- [Task]:
Count how many lines of the data include the string "tinverseP", then say that number and stop.

Collected data entries:
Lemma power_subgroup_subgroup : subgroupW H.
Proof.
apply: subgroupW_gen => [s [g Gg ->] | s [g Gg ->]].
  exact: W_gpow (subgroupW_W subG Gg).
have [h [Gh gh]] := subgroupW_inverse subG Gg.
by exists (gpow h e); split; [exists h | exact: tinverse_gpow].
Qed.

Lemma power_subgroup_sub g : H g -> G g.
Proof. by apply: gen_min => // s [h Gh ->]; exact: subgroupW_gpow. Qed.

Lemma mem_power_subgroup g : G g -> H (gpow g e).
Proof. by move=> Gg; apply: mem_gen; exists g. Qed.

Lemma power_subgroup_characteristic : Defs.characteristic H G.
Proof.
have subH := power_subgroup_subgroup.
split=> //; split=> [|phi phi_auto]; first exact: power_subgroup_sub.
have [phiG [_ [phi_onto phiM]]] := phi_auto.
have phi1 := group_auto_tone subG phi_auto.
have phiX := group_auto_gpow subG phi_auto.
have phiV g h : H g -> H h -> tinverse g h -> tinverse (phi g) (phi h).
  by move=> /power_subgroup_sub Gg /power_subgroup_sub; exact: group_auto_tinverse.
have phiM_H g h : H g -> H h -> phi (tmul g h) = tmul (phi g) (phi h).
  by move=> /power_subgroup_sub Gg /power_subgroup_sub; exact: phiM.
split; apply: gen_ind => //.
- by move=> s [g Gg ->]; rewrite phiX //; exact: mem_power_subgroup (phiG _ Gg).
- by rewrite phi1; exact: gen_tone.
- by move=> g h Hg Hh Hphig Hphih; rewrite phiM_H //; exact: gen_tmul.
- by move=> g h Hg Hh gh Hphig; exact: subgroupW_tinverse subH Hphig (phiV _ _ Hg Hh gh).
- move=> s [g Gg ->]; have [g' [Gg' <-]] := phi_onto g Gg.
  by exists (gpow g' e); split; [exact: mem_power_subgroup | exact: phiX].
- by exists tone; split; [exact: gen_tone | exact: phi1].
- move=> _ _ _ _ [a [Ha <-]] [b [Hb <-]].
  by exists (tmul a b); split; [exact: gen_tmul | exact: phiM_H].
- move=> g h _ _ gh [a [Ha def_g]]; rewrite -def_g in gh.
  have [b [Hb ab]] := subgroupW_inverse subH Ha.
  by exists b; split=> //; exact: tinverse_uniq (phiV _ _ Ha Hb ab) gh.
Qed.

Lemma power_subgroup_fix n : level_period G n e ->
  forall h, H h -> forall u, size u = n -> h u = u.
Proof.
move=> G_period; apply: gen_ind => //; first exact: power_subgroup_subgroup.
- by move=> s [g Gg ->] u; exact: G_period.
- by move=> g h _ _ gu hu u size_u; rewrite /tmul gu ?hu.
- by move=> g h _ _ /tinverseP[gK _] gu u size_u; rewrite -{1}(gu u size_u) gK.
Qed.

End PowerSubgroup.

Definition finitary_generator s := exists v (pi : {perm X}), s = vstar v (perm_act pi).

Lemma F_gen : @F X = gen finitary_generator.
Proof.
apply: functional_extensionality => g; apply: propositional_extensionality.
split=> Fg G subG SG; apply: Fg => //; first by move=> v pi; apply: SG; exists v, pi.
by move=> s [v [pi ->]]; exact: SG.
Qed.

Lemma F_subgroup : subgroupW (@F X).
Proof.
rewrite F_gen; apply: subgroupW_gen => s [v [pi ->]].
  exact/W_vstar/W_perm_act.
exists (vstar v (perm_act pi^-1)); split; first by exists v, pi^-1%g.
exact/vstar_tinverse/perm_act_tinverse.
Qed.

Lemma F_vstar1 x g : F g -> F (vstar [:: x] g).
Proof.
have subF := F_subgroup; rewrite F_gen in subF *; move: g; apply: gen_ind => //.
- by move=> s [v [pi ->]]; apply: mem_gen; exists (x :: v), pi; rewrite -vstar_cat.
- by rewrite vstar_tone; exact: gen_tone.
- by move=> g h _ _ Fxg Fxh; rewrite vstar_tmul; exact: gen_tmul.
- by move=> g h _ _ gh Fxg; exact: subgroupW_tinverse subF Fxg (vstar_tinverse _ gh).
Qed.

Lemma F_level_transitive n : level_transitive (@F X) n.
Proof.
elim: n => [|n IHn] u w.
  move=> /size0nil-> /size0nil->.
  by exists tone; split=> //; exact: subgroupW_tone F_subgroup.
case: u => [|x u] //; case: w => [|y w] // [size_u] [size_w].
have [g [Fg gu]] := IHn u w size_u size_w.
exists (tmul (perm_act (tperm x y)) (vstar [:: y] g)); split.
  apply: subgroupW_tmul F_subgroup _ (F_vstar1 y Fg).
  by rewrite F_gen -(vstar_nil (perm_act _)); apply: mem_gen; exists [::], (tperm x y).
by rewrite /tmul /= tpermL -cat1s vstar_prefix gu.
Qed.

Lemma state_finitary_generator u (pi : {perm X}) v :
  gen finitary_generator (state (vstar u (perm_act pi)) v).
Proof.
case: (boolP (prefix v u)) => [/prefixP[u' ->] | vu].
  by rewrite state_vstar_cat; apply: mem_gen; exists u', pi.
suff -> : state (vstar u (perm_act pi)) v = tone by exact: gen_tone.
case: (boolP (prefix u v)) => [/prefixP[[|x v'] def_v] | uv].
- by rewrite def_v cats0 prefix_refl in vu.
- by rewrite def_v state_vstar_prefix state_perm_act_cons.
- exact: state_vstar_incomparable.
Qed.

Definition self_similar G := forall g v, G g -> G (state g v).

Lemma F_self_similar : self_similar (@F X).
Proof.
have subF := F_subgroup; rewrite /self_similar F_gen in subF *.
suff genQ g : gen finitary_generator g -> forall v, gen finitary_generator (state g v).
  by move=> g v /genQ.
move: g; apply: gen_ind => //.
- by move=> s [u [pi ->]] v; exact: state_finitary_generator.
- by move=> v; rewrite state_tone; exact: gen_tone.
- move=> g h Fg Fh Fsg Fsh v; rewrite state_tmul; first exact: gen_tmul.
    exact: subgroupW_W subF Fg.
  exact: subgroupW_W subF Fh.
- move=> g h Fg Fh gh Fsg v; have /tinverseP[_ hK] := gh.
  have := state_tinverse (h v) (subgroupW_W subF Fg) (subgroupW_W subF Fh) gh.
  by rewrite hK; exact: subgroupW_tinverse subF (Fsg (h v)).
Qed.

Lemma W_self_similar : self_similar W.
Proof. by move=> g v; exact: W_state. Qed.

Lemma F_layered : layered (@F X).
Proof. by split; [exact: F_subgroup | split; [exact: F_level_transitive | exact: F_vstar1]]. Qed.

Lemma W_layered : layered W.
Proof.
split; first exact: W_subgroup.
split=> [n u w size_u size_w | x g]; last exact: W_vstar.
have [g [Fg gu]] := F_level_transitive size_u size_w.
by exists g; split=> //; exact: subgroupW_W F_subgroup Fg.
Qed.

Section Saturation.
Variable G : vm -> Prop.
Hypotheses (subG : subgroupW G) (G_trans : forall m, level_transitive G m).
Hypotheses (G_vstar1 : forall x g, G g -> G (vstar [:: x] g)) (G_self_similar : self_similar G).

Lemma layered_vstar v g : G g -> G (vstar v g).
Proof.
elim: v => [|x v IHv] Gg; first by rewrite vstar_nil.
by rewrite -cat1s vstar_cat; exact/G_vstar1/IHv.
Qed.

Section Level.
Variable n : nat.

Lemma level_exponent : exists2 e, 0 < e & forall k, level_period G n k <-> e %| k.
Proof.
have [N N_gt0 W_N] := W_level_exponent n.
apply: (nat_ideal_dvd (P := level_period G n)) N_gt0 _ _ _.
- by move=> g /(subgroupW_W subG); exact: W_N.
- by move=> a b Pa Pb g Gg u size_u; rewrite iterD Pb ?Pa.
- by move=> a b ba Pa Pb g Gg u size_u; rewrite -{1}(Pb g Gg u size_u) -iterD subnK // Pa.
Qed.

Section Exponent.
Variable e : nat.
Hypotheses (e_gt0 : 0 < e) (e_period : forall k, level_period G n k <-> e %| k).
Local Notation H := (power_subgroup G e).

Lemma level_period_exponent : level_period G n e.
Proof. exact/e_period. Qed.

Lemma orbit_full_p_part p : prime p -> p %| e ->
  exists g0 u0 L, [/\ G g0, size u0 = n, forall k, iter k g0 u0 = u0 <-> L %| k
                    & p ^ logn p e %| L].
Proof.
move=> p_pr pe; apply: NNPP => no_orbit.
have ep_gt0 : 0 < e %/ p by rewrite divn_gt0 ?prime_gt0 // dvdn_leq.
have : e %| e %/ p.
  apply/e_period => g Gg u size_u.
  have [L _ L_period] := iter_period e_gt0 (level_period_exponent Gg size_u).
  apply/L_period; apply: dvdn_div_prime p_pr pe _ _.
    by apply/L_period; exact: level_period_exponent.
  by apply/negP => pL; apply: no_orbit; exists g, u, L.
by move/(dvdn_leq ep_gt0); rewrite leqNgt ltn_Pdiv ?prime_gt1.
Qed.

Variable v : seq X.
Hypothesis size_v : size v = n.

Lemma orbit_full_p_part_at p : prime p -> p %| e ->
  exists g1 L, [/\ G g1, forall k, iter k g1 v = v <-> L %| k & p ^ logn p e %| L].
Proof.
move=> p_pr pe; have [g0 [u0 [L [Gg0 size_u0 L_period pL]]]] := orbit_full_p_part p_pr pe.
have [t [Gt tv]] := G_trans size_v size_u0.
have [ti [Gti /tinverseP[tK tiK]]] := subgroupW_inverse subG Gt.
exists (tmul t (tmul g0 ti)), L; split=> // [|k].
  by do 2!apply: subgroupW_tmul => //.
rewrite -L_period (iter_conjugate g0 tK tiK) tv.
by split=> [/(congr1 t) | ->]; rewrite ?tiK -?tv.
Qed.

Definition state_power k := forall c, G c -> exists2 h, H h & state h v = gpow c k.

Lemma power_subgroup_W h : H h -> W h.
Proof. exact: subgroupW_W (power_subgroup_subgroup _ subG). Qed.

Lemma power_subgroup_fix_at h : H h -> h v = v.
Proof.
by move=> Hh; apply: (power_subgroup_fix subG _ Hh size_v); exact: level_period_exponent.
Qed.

- [The completed task]:
3